EXERCISE INSTRUCTIONS => Find "Section PullbackModules." and "Definition O_P2 : R" in the records below. Copy the lines holding them and every line between, exactly, and no others.

GIVEN INFORMATION =>
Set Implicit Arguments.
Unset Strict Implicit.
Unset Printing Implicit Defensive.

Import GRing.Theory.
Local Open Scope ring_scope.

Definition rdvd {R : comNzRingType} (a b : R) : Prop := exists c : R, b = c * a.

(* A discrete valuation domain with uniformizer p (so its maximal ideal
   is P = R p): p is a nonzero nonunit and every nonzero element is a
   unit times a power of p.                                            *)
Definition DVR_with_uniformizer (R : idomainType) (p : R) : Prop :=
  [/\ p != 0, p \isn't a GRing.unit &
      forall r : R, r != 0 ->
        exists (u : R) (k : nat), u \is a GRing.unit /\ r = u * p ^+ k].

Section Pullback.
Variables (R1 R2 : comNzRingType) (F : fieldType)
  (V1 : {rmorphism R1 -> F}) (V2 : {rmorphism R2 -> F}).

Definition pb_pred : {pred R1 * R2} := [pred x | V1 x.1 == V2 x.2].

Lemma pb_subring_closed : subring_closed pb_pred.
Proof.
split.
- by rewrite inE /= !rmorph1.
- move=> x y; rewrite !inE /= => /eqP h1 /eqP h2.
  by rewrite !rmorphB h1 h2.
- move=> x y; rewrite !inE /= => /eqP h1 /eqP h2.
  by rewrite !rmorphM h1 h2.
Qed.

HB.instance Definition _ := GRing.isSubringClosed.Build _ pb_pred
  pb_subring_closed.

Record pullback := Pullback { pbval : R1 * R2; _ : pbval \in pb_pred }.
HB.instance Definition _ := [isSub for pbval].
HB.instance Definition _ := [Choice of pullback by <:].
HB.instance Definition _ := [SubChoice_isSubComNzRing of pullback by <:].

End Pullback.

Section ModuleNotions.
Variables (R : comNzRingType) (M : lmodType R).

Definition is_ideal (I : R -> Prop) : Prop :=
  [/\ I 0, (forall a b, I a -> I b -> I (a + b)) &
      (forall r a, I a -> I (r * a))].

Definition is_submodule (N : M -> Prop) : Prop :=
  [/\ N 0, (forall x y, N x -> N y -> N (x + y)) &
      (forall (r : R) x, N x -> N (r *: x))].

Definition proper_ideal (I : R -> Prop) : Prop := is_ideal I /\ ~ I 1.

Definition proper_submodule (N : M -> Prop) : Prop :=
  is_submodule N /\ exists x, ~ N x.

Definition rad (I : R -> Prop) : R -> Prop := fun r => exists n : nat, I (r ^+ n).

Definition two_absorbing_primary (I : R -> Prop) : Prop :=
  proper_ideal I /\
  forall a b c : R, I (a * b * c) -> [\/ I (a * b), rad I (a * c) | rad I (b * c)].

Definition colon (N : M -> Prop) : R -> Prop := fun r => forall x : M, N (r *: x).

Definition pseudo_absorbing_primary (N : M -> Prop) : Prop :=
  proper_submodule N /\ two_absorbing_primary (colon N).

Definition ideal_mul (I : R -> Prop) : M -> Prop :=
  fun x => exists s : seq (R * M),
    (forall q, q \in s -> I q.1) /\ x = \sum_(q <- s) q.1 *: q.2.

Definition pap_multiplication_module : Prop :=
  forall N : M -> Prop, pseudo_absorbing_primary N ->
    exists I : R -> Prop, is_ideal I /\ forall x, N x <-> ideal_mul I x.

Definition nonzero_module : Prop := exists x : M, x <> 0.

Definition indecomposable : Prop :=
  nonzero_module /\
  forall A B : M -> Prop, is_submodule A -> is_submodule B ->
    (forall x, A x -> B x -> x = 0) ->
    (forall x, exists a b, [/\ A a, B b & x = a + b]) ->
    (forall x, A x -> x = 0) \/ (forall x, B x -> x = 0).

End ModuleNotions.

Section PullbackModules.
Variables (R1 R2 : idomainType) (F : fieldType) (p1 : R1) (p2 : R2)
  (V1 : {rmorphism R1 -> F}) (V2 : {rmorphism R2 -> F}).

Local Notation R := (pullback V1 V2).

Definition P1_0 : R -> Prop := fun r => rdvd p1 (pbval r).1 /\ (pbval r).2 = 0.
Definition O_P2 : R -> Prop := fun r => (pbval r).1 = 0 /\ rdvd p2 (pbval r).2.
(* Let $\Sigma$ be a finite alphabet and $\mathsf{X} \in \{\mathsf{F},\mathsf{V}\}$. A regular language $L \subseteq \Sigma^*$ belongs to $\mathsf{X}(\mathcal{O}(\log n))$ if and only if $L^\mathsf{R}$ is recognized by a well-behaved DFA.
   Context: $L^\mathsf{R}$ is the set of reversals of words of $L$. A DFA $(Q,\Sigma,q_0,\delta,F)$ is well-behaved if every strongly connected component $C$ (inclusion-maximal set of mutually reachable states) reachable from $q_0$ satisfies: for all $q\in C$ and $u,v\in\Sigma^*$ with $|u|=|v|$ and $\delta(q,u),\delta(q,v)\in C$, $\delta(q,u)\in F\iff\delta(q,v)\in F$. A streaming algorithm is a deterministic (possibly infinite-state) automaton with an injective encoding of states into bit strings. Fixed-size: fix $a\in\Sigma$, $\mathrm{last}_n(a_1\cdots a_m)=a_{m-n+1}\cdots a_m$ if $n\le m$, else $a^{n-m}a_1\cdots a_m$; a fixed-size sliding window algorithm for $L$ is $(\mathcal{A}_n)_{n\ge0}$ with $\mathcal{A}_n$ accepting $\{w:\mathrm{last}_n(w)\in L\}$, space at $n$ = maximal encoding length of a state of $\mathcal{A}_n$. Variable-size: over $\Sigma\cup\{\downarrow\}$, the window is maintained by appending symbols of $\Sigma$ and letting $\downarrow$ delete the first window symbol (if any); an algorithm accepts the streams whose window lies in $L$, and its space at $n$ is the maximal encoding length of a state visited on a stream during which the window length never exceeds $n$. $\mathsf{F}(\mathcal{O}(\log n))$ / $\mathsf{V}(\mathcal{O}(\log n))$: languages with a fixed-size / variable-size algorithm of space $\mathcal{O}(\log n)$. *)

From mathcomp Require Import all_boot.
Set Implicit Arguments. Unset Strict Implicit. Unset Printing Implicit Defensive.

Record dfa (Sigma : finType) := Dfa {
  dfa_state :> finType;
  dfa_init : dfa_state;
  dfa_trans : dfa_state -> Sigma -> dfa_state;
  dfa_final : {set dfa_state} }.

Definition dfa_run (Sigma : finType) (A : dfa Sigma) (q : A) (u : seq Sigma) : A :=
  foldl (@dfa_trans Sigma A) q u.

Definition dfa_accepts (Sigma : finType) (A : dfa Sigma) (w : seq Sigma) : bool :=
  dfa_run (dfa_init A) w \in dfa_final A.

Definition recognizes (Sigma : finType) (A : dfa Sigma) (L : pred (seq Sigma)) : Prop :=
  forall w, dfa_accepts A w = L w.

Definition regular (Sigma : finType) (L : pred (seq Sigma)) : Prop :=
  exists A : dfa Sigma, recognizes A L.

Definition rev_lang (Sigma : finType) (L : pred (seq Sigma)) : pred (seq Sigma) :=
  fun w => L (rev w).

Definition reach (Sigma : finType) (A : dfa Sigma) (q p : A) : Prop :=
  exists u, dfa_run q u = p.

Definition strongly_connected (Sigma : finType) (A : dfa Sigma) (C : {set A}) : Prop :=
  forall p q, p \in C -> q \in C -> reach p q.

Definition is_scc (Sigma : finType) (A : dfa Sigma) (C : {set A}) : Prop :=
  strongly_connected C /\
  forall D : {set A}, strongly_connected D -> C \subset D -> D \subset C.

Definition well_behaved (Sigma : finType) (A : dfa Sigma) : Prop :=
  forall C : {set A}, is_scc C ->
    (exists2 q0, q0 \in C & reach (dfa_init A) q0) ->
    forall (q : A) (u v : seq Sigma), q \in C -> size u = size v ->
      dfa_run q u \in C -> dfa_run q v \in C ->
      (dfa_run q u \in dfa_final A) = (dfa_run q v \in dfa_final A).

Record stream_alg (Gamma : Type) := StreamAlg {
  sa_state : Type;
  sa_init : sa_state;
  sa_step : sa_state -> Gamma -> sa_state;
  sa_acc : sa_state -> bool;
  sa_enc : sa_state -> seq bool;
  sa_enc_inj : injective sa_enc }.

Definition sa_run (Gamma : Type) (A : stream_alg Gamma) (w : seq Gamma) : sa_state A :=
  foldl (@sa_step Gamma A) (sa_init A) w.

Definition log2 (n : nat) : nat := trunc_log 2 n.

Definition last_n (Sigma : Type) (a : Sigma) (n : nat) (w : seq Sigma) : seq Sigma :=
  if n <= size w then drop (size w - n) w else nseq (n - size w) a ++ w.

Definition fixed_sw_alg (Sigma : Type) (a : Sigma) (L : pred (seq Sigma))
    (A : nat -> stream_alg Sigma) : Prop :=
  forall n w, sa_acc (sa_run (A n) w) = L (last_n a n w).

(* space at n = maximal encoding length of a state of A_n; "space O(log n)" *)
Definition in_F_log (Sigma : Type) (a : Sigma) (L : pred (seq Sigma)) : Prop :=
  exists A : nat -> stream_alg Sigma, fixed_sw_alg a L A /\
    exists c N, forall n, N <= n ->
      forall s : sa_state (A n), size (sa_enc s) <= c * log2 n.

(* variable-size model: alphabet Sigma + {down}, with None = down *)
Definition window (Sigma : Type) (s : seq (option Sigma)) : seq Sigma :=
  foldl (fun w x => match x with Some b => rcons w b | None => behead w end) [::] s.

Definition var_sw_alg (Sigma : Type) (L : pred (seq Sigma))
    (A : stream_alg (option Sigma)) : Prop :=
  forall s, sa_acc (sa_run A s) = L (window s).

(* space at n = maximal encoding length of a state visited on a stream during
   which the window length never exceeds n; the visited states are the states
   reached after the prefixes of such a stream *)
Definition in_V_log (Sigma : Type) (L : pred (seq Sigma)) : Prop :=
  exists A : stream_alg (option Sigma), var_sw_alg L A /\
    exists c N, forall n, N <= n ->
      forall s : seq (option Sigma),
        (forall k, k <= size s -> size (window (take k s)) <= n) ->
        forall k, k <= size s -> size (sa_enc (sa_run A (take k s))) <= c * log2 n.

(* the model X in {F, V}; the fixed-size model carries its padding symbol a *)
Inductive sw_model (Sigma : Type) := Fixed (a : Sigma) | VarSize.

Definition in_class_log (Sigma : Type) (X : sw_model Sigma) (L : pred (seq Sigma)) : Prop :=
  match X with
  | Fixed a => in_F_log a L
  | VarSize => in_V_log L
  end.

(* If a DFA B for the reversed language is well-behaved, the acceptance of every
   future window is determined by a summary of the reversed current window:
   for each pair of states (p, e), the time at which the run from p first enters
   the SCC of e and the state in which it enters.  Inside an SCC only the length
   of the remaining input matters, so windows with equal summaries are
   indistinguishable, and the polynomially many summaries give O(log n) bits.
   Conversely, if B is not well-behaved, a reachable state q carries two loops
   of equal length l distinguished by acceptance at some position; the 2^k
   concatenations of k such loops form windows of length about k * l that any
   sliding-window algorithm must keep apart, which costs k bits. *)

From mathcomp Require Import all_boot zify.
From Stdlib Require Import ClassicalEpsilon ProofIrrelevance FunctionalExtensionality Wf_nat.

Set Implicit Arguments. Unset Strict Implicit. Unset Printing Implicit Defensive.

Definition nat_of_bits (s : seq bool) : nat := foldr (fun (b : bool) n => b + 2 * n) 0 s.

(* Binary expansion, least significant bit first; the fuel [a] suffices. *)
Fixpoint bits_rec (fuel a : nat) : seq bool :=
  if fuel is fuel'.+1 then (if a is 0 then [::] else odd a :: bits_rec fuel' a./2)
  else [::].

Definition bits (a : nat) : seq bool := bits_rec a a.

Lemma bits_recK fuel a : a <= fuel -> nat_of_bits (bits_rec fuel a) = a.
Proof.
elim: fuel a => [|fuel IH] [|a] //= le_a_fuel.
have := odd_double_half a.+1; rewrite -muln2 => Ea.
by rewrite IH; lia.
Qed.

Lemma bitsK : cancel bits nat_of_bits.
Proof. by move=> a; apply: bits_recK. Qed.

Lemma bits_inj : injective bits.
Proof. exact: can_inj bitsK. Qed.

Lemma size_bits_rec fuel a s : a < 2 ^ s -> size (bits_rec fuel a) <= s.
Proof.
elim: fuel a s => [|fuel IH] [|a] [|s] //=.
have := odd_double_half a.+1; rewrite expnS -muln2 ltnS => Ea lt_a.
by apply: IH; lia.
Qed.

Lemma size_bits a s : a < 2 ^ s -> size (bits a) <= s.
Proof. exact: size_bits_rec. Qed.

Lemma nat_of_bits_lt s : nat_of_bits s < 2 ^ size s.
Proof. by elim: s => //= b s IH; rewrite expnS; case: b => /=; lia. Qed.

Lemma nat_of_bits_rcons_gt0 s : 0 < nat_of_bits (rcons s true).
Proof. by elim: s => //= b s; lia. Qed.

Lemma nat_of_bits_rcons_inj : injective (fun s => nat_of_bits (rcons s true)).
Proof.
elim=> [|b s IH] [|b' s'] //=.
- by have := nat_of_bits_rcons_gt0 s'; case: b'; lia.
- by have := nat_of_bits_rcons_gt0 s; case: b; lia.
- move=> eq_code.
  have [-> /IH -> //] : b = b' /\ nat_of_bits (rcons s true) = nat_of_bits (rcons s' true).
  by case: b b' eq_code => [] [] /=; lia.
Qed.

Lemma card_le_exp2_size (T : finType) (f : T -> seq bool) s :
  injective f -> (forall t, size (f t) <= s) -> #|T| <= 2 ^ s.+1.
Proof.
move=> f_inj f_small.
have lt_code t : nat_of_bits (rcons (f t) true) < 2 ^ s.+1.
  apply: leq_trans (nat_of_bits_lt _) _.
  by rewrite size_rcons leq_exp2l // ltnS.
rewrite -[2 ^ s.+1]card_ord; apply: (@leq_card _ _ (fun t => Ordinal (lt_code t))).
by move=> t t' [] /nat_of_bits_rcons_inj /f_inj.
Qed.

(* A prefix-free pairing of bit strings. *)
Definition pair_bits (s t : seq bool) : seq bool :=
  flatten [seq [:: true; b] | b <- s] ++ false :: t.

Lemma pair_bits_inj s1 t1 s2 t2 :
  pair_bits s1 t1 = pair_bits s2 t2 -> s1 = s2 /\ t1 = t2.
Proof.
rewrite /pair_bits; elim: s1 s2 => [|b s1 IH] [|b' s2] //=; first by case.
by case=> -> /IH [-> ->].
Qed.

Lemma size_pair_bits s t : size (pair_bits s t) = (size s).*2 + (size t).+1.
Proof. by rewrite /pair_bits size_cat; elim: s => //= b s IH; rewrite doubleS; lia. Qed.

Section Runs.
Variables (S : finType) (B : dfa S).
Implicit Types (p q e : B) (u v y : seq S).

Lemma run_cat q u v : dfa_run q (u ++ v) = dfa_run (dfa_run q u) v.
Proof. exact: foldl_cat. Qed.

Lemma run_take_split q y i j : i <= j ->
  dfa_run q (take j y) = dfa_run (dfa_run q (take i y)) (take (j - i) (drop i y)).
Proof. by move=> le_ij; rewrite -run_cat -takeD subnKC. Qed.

REPLY =>
Section PullbackModules.
Variables (R1 R2 : idomainType) (F : fieldType) (p1 : R1) (p2 : R2)
  (V1 : {rmorphism R1 -> F}) (V2 : {rmorphism R2 -> F}).

Local Notation R := (pullback V1 V2).

Definition P1_0 : R -> Prop := fun r => rdvd p1 (pbval r).1 /\ (pbval r).2 = 0.
Definition O_P2 : R -> Prop := fun r => (pbval r).1 = 0 /\ rdvd p2 (pbval r).2.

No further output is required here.